Ni renversement de tendances ni modification des rapports de force, ce qui de toute façon est généralement la norme dans ce genre d’exercice. Le débat télévisé au cours duquel les cinq principaux candidats à la présidentielle française se sont affrontés lundi soir n’y a guère fait exception, sauf pour montrer à quel point la classe politique traditionnelle semble de plus en plus hors jeu.
Entendu que, sauf surprise monumentale, ce sera Emmanuel Macron, le centriste « ni de droite ni de gauche » — mais « En marche ! » quand même — contre l’europhobe et raciste Marine Le Pen au deuxième tour du 7 mai. Si bien que, dans l’ordre actuel des choses, le premier tour du 23 avril prochain, vu de ce côté-ci de l’Atlantique, semble de plus en plus vouloir se réduire à une formalité. Sous le vernis du débat de lundi, exercice par ailleurs inédit dans une campagne présidentielle française, la guerre aura donc surtout été celle qui oppose M. Macron et Mme Le Pen, meneurs des sondages. Un débat-marathon de 3 heures 30 qui fut plutôt superficiel, mais forcément émaillé d’éclairs de flamboyance verbale où tout un chacun a réussi à signaler sa présence.
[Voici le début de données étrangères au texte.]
Lemma integral_XE_const (J : {set 'I_n.+1}) (c : int) (cc : {perm 'I_n.+1} -> HT n) :
  (forall s, cc s = \prod_(i in J) (1 + c *: 'X_i)) -> integral_XE cc = (n == 0)%:R.
Proof.
move=> ccE; rewrite integral_XE_pseq.
under eq_bigr do rewrite ccE.
have ne : e != [::] by rewrite -size_eq0 size_enum_ord.
rewrite -big_distrr /= (big_perm_pseq _ W) (sum_path_weight tvar_inj (enum_uniq _) ne).
rewrite size_enum_ord eqSS; case: eqP => [n0|_]; last by rewrite mulr0.
by rewrite homog_part_prod_deg0 // rmorph1 mulr1.
Qed.

Lemma tofrac_scale (c : int) (p : HT n) : tofrac (c *: p) = c%:~R * tofrac p.
Proof. by rewrite -[c in LHS]intz scaler_int -mulrzl rmorphM rmorph_int. Qed.

Lemma integral_XE_first (L : pred 'I_n.+1) (c : int) (cc : {perm 'I_n.+1} -> HT n) :
  has L e ->
  (forall s, homog_part n (cc s) = c *: \prod_(i in [set~ first_of L ord0 (pseq s)]) 'X_i) ->
  integral_XE cc = c%:~R * (-1) ^+ n * (all L e)%:R.
Proof.
move=> hL ccE; rewrite integral_XE_pseq.
under eq_bigr do rewrite ccE tofrac_scale tofrac_prod_setC1 -!mulrA.
rewrite -!big_distrr /= (big_perm_pseq _ (fun p => (tvar (first_of L ord0 p))^-1 * W p)).
by rewrite (sum_inv_tvar_first hL) [tprod * _]mulrC divfK ?tprod_neq0 ?mulrA.
Qed.

Lemma integral_XE_first_rev (L : pred 'I_n.+1) (c : int) (cc : {perm 'I_n.+1} -> HT n) :
  has L e ->
  (forall s, homog_part n (cc s) = c *: \prod_(i in [set~ first_of L ord0 (rev (pseq s))]) 'X_i) ->
  integral_XE cc = c%:~R * (all L e)%:R.
Proof.
move=> hL ccE; rewrite integral_XE_pseq.
under eq_bigr do rewrite ccE tofrac_scale tofrac_prod_setC1 -!mulrA.
rewrite -!big_distrr /= (big_perm_pseq _ (fun p => (tvar (first_of L ord0 (rev p)))^-1 * W p)).
by rewrite (sum_inv_tvar_first_rev hL) [tprod * _]mulrC divfK ?tprod_neq0.
Qed.
End Localization.

Section Integrals.
Variables (n : nat) (M : matroid n).

Lemma cQE s : cQ M s = \prod_(i in ~: lexfirst s M) (1 + (-1) *: ('X_i : HT n)).
Proof. by apply: eq_big => [i|i _]; rewrite ?inE ?scaleN1r. Qed.

Lemma cSdualE s : cSdual M s = \prod_(i in lexfirst s M) (1 + 1 *: ('X_i : HT n)).
Proof. by apply: eq_bigr => i _; rewrite scale1r. Qed.

Lemma integral_cQ :
  integral_XE (cQ M) = (if is_loop M || (bases M == uniform_bases n 1) then 1 else 0).
Proof.
have notU1 : matroid_rank M != 1 -> (bases M == uniform_bases n 1) = false.
  by move=> r1; apply: contraNF r1 => /eqP/rank_uniform ->.
rewrite is_loopE; case: (ltngtP (matroid_rank M) 1) => [r0 | r_gt1 | r1].
- have {}r0 : matroid_rank M = 0 by lia.
  rewrite (@integral_XE_const _ setT (-1)) => [|s]; last first.
    rewrite cQE (_ : lexfirst s M = set0) ?setC0 //.
    by apply/eqP; rewrite -cards_eq0 card_lexfirst r0.
  by rewrite r0 notU1 ?r0 // andbT orbF; case: (n == 0).
- rewrite notU1 ?(gtn_eqF (ltnW r_gt1)) ?andbF; last by rewrite neq_ltn r_gt1 orbT.
  rewrite [integral_XE _]big1 // => s _; rewrite cQE homog_part_prod_gt ?rmorph0 ?mul0r //.
  by have := cardsC (lexfirst s M); rewrite card_ord card_lexfirst; lia.
rewrite r1 andbF uniform_rank1E //= (@integral_XE_first _ (singleton_basis M) ((-1) ^+ n)).
- by rewrite intr_sign -expr2 sqrr_sign mul1r; case: all.
- by have [l Ll] := exists_singleton_basis r1; apply/hasP; exists l; rewrite ?mem_enum.
by move=> s; rewrite cQE lexfirst_rank1 // homog_part_prod_card // cardsC1 card_ord.
Qed.

Lemma integral_cSdual :
  integral_XE (cSdual M) = (if is_coloop M || (bases M == uniform_bases n n) then 1 else 0).
Proof.
have notUn : matroid_rank M != n -> (bases M == uniform_bases n n) = false.
  by move=> rn; apply: contraNF rn => /eqP/rank_uniform ->.
have rle : (matroid_rank M <= n.+1)%N.
  have /set0Pn[B0 /card_basis <-] := bases_neq0 M.
  by rewrite (leq_trans (max_card _)) ?card_ord.
rewrite is_coloopE; case: (ltngtP (matroid_rank M) n) => [r_lt | r_gt | rn].
- rewrite notUn ?(ltn_eqF (leqW r_lt)) ?andbF //; last by rewrite ltn_eqF.
  rewrite [integral_XE _]big1 // => s _.
  by rewrite cSdualE homog_part_prod_gt ?rmorph0 ?mul0r // card_lexfirst.
- have {}rT : matroid_rank M = n.+1 by lia.
  rewrite (@integral_XE_const _ setT 1) => [|s]; last first.
    rewrite cSdualE (_ : lexfirst s M = setT) //.
    by apply/eqP; rewrite eqEcard subsetT cardsT card_ord card_lexfirst rT ltnSn.
  by rewrite rT eqxx andbT notUn ?rT ?(gtn_eqF (ltnSn n)) // orbF; case: (n == 0).
rewrite rn (ltn_eqF (ltnSn n)) andbF uniform_corank1E //=.
rewrite (@integral_XE_first_rev _ (cosingleton_basis M) 1).
- by rewrite mul1r; case: all.
- by have [c Cc] := exists_cosingleton_basis rn; apply/hasP; exists c; rewrite ?mem_enum.
by move=> s; rewrite cSdualE lexfirst_corank1 // homog_part_prod_card ?expr1n // cardsC1 card_ord.
Qed.
End Integrals.

Theorem lemma7p3 (n : nat) (M : matroid n) :
  integral_XE (cQ M)
    = (if is_loop M || (bases M == uniform_bases n 1) then 1 else 0)
  /\
  integral_XE (cSdual M)
    = (if is_coloop M || (bases M == uniform_bases n n) then 1 else 0).
Proof. by split; [apply: integral_cQ | apply: integral_cSdual]. Qed.
(* Let $\Lambda$ be a finite, strongly connected $k$-graph with no sources, and let $p$ be a probability measure on $\Lambda^\infty$ such that (a) the standard prefixing maps $\sigma_\lambda$ ($\lambda\in\Lambda$) and coding maps $\sigma^n$ ($n\in\mathbb N^k$) are measurable; (b) $p(Z(v))>0$ for every $v\in\Lambda^0$; (c) for every edge $\lambda$ (i.e. $\lambda\in\Lambda^{e_i}$ for some $i$), $p\circ\sigma_\lambda\ll p$ on $Z(s(\lambda))$ and the Radon–Nikodym derivative $\Phi_{\sigma_\lambda}=d(p\circ\sigma_\lambda)/dp$ is strictly positive $p$-a.e. on $Z(s(\lambda))$. Then the sets $D_\lambda=Z(s(\lambda))$, the maps $\sigma_\lambda$ and the maps $\sigma^n$ form a $\Lambda$-semibranching function system on $(\Lambda^\infty,p)$.
   Context: $k$-graph: countable small category $\Lambda$ with degree functor $d:\Lambda\to\mathbb N^k$ with unique factorization; vertices $\Lambda^0$, range/source $r,s$; finite (each $\Lambda^n$ finite), no sources, strongly connected ($v\Lambda w\neq\emptyset$ for all vertices). $\Lambda^\infty$: infinite paths, i.e. degree-preserving functors $x:\Omega_k\to\Lambda$ ($\Omega_k$: morphisms $(p,q)$, $p\le q$ in $\mathbb N^k$, $d(p,q)=q-p$), $r(x)=x(0,0)$; cylinder sets $Z(\lambda)=\{x:x(0,d(\lambda))=\lambda\}$ form a compact open basis, with associated Borel $\sigma$-algebra. Standard coding maps: $\sigma^m(x)(p,q)=x(p+m,q+m)$. Standard prefixing maps: $\sigma_\lambda:Z(s(\lambda))\to Z(\lambda)$, $\sigma_\lambda(x)=\lambda x$, the unique infinite path with $(\lambda x)(0,d(\lambda))=\lambda$ and $\sigma^{d(\lambda)}(\lambda x)=x$. A semibranching function system on $(X,\mu)$ is a finite family of measurable maps $\tau_i:D_i\to X$, $R_i=\tau_i(D_i)$, with $\mu(X\setminus\bigcup R_i)=0$, $\mu(R_i\cap R_j)=0$ ($i\ne j$), and $d(\mu\circ\tau_i)/d\mu>0$ a.e. on $D_i$; $\tau$ is a coding map if $\tau\circ\tau_i=\mathrm{id}_{D_i}$. A $\Lambda$-semibranching function system on $(X,\mu)$: sets $D_\lambda$, prefixing maps $\tau_\lambda:D_\lambda\to X$, coding maps $\tau^m$ with (a) each $\{\tau_\lambda\}_{\lambda\in\Lambda^m}$ a semibranching function system with coding map $\tau^m$; (b) $\tau_v=\mathrm{id}$, $\mu(D_v)>0$; (c) $R_\nu\subseteq D_\lambda$ a.e. and $\tau_\lambda\tau_\nu=\tau_{\lambda\nu}$ a.e. for $\nu\in s(\lambda)\Lambda$; (d) $\tau^m\tau^n=\tau^{m+n}$. *)

From HB Require Import structures.
From mathcomp Require Import all_boot all_order all_algebra.
From mathcomp Require Import all_classical all_reals all_analysis.
From mathcomp Require Import measurable_realfun.
Variable g : seq L.
Hypothesis gS : all (fun s => s \in S) g.
Hypothesis g_spans : forall s, s \in S -> exists c : nat -> K,
  (forall i, c i \in R) /\ s = \sum_(i < size g) (c i)%:A * g`_i.
Local Notation gt := (in_tuple g).

Lemma generator_in_S (i : 'I_(size g)) : gt`_i \in S.
Proof. exact: (allP gS) _ (mem_nth 0 (ltn_ord i)). Qed.

Lemma R_comb_in_S (c : 'I_(size g) -> K) :
  (forall i, c i \in R) -> \sum_i (c i)%:A * gt`_i \in S.
Proof. by move=> cR; apply: rpred_sum => i _; rewrite rpredM ?R_sub_S ?generator_in_S. Qed.

Lemma S_sub_span s : s \in S -> s \in <<gt>>%VS.
Proof.
move=> /g_spans[c [_ ->]]; apply: memv_suml => i _.
by rewrite mulr_algl memvZ // memv_span // mem_nth.
Qed.

(* The [K]-span of [S] is a finite-dimensional domain, hence a field; it contains
   the fractions of [S], i.e. all of [L]. *)
Lemma span_generators_full : <<gt>>%VS = fullv.
Proof.
have span_mul u v : u \in <<gt>>%VS -> v \in <<gt>>%VS -> u * v \in <<gt>>%VS.
  move=> /coord_span-> /coord_span->; rewrite mulr_suml; apply: memv_suml => i _.
  rewrite -scalerAl mulr_sumr memvZ //; apply: memv_suml => j _.
  by rewrite -scalerAr memvZ // S_sub_span // rpredM ?generator_in_S.
apply/eqP; rewrite eqEsubv subvf; apply/subvP => x _.
have [a [b [aS bS b_neq0 ->]]] := fracS x; rewrite span_mul ?(S_sub_span aS) //.
have b_span_eq : (amulr b @: <<gt>> = <<gt>>)%VS.
  apply/eqP; rewrite eqEdim limg_dim_eq ?(eqP (lker0_amulr _)) ?unitfE ?capv0 //.
  rewrite leqnn andbT; apply/subvP => _ /memv_imgP[u u_span ->].
  by rewrite lfunE /= span_mul // S_sub_span.
have : 1 \in (amulr b @: <<gt>>)%VS by rewrite b_span_eq S_sub_span ?rpred1.
case/memv_imgP => y y_span; rewrite lfunE /= => yb_eq1.
by rewrite -[b^-1]mul1r yb_eq1 mulfK.
Qed.

Lemma exists_denominator x : exists b, [/\ b \in R, b != 0 & b%:A * x \in S].
Proof.
have [b [bR b_neq0 /allP bc]] :=
  common_denominator subR fracR [seq coord gt i x | i <- enum 'I_(size g)].
exists b; split=> //.
rewrite (coord_span (_ : x \in <<gt>>%VS)) ?span_generators_full ?memvf // mulr_sumr.
rewrite (eq_bigr (fun i => (b * coord gt i x)%:A * gt`_i)) => [|i _]; last first.
  by rewrite !mulr_algl scalerA.
by apply: R_comb_in_S => i; apply: bc; exact: map_f (mem_enum _ _).
Qed.

Variable psi : L -> K.
Hypothesis psiD : forall s t, s \in S -> t \in S -> psi (s + t) = psi s + psi t.
Hypothesis psiZ : forall r s, r \in R -> s \in S -> psi (r%:A * s) = r * psi s.

Lemma psi0 : psi 0 = 0.
Proof. by apply: (addrI (psi 0)); rewrite -psiD ?rpred0 // !addr0. Qed.

Lemma psi_R_comb (I : Type) (r : seq I) (c : I -> K) (v : I -> L) :
  (forall i, c i \in R) -> (forall i, v i \in S) ->
  psi (\sum_(i <- r) (c i)%:A * v i) = \sum_(i <- r) c i * psi (v i).
Proof.
move=> cR vS; have cvS i : (c i)%:A * v i \in S by rewrite rpredM ?R_sub_S.
elim: r => [|i r IHr]; first by rewrite !big_nil psi0.
by rewrite !big_cons psiD ?psiZ ?IHr // rpred_sum.
Qed.

Lemma psi_relation (c : 'I_(size g) -> K) :
  \sum_i c i *: gt`_i = 0 -> \sum_i c i * psi gt`_i = 0.
Proof.
move=> rel_c; have [b [bR b_neq0 /allP bc]] :=
  common_denominator subR fracR [seq c i | i <- enum 'I_(size g)].
have bcR i : b * c i \in R by apply: bc; exact: map_f (mem_enum _ _).
apply: (mulfI b_neq0); rewrite mulr0 mulr_sumr.
under eq_bigr => i _ do rewrite mulrA.
rewrite -psi_R_comb //; last exact: generator_in_S.
under eq_bigr => i _ do rewrite mulr_algl -scalerA.
by rewrite -scaler_sumr rel_c scaler0 psi0.
Qed.

Definition psi_ext (x : L) : K^o := \sum_i coord gt i x * psi gt`_i.

Lemma psi_ext_is_linear : linear psi_ext.
Proof.
move=> a x y; rewrite /psi_ext scaler_sumr -big_split /=; apply: eq_bigr => i _.
by rewrite linearP /= mulrDl -mulrA.
Qed.
HB.instance Definition _ := GRing.isSemilinear.Build K L K^o _ psi_ext
  (GRing.semilinear_linear psi_ext_is_linear).

Lemma psi_extE s : s \in S -> psi_ext s = psi s.
Proof.
move=> sS; have [c [cR def_s]] := g_spans sS.
have: \sum_i (coord gt i s - c i) *: gt`_i = 0.
  under eq_bigr => i _ do rewrite scalerBl -[c i *: _]mulr_algl.
  by rewrite sumrB -def_s -coord_span ?S_sub_span ?subrr.
move/psi_relation; under eq_bigr => i _ do rewrite mulrBl.
rewrite sumrB => /eqP; rewrite subr_eq0 /psi_ext => /eqP ->.
by rewrite [in RHS]def_s psi_R_comb // => i; apply: generator_in_S.
Qed.

Lemma psi_trace_form : separable 1%VS {:L} ->
  exists w, forall s, s \in S -> psi s = fieldTrace (w * s).
Proof.
move=> sepL; have [w psi_ext_w] := trace_form_surj sepL (linfun psi_ext).
by exists w => s sS; rewrite -psi_extE // -psi_ext_w lfunE.
Qed.

End LinearExtension.

Section PinvLinear.
Variables (F : fieldType) (q : nat) (A : pred F) (f : F -> F).
Hypotheses (subA : is_subring A) (f_lin : is_pinv_linear q A f) (q_gt0 : (0 < q)%N).
HB.instance Definition _ := GRing.isSubringClosed.Build F A (is_subring_closed subA).

Lemma pinv_linear_faithful (c : F) : (exists r, r \in A /\ f r != 0) ->
  c \in A -> (forall r, r \in A -> f (c * r) = 0) -> c = 0.
Proof.
move=> [r [rA fr_neq0]] cA fc0; apply/eqP/contraT => c_neq0; have [_ _ fZ] := f_lin.
have := fc0 (c ^+ q.-1 * r); rewrite mulrA -exprS prednK // fZ // rpredM ?rpredX //.
by move=> /(_ isT) /eqP; rewrite mulf_eq0 (negPf c_neq0) (negPf fr_neq0).
Qed.

End PinvLinear.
Sur le fond, il s’est agi d’un débat illustrant ce que le quotidien madrilène El Mundo décrivait récemment, depuis l’autre côté des Pyrénées, comme la « tempête parfaite » qui s’abat sur la France : « À la crise chez Les Républicains vient en effet s’ajouter l’effondrement du Parti socialiste, qui ne peut espérer lui non plus passer le premier tour du scrutin. »
Cette tempête, c’est d’abord François Fillon, dont la persévérance a de plus en plus des airs de suicide politique. Un homme grevé par son scandale d’emplois fictifs, aujourd’hui plus figurant de campagne que rempart contre l’extrême droite, et qui, étant malgré tout parvenu à faire derrière lui l’unité des barons des Républicains au début du mois de mars, va plausiblement achever, avec son élimination au premier tour, de compromettre l’avenir de la droite.
Et ce sont, à gauche, le candidat socialiste officiel, Benoît Hamon, et le radical de gauche Jean-Luc Mélenchon, leader du mouvement La France insoumise, dont les positions sont finalement semblables sur un grand nombre de sujets et qui, de ce fait, se trouvent à diviser le vote. Une gauche que, de surcroît, n’arrange vraiment pas la démission, mardi, du ministre français de l’Intérieur, Bruno Le Roux, visé par une enquête préliminaire sur les emplois de ses deux filles adolescentes.
Sur ce registre, il est drôlement parlant que les « affaires » de népotisme qui s’accrochent à M. Fillon et à Mme Le Pen et qui monopolisent la scène politique française depuis des semaines aient été à peine évoquées pendant le débat. C’est un silence suspect qui accuse l’ensemble de la classe politique et dont les électeurs, qui ont été des millions à suivre les échanges des candidats à la présidence, ne peuvent pas ne pas avoir pris note.
Avec le résultat que le candidat d’En marche ! s’est employé lundi soir à se dire d’accord avec M. Fillon à de nombreux égards, donnant l’impression, a constaté Le Monde, d’avoir voulu tout de suite se mettre à « préparer le ralliement de ses électeurs au second tour ». Faux outsider s’il en est, l’ancien ministre socialiste de l’Économie sous François Hollande, grappillant à gauche et à droite, semble avant tout surfer sur la déliquescence des partis traditionnels. S’il a conservé ses acquis lors du débat, il ne saute pas aux yeux que sa promesse de représenter une « alternative profonde » sourit à un électorat qui, lui, se sent profondément indécis (dans une proportion de 40 %) quant à cette présidentielle. Comme si tous ces électeurs avaient hâte de voir cette campagne à l’américaine commencer enfin, sinon d’en finir.